## Work to complete
Search the records below for the string "Require", and report each line that contains it.

## Source data
(* Assume $B$ has full column rank, and let $R\in\mathcal R_{\rm s}^{n_y}$ be such that every eigenvalue of $A_R$ has real part at most $-\alpha_*$ for some $\alpha_*>0$. Let $M_*$ be such that $\|e^{A_Rt}\|_2\le M_*e^{-\alpha_*t}$ for all $t\ge 0$. Let $P_R$ satisfy $A_RP_R+P_RA_R^{\top}+BB^{\top}=0$, and set $E_R=(I-R)C_{\rm m,o}$, $C_{\rm r}=[0,\ C_{\rm m,o}]$. Then $$\frac{\operatorname{tr}\{C_{\rm p}P_RC_{\rm p}^{\top}\}}{\operatorname{tr}\{C_{{\rm r},R}P_RC_{{\rm r},R}^{\top}\}}\le 8\,\frac{M_*^2\,\|A_R\|_2\,\|B\|_2^2}{\sigma_{\min}^2(B)\,\alpha_*}\cdot\frac{\|C_{\rm p}\|_F^2}{\|E_R\|_F^2+\|C_{\rm r}\|_F^2}.$$
   Context: Data: $A_{\rm p}\in\mathbb R^{n_x\times n_x}$, $B_{\rm p}\in\mathbb R^{n_x\times n_u}$, $B_w,B_{\hat w}\in\mathbb R^{n_x\times n_x}$, $C_{\rm m,o}\in\mathbb R^{n_y\times n_x}$, $C_{\rm p,o}\in\mathbb R^{n_{y_{\rm p}}\times n_x}$, $D_{\rm p,o}\in\mathbb R^{n_{y_{\rm p}}\times n_u}$, $K\in\mathbb R^{n_x\times n_y}$, $L\in\mathbb R^{n_u\times n_x}$, with $(A_{\rm p},B_{\rm p})$ controllable and $(A_{\rm p},C_{\rm m,o})$ observable. For $R\in\mathbb R^{n_y\times n_y}$: $$A_R=\begin{bmatrix}A_{\rm p}+B_{\rm p}L & -B_{\rm p}L\\ K(I-R)C_{\rm m,o} & A_{\rm p}-KC_{\rm m,o}\end{bmatrix},\quad B=\begin{bmatrix}B_w&0\\ B_w&-B_{\hat w}\end{bmatrix},$$ $C_{{\rm r},R}=[(R-I)C_{\rm m,o},\ C_{\rm m,o}]$, $C_{\rm p}=[C_{\rm p,o}+D_{\rm p,o}L,\ -D_{\rm p,o}L]$. $\mathcal R_{\rm s}^{n_y}=\{R: A_R\text{ is Hurwitz}\}$. $\|\cdot\|_2$ is the spectral norm, $\|\cdot\|_F$ the Frobenius norm, $\sigma_{\min}(B)$ the smallest singular value of $B$. *)

From HB Require Import structures.
From mathcomp Require Import all_boot all_order all_algebra.
From mathcomp Require Import all_classical all_reals all_analysis.
From mathcomp Require Import complex.
Set Implicit Arguments. Unset Strict Implicit. Unset Printing Implicit Defensive.
Import Order.TTheory GRing.Theory Num.Theory.
Import numFieldNormedType.Exports.
Local Open Scope ring_scope.
Local Open Scope classical_set_scope.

## Response to this exercise
From HB Require Import structures.
From mathcomp Require Import all_boot all_order all_algebra.
From mathcomp Require Import all_classical all_reals all_analysis.
From mathcomp Require Import complex.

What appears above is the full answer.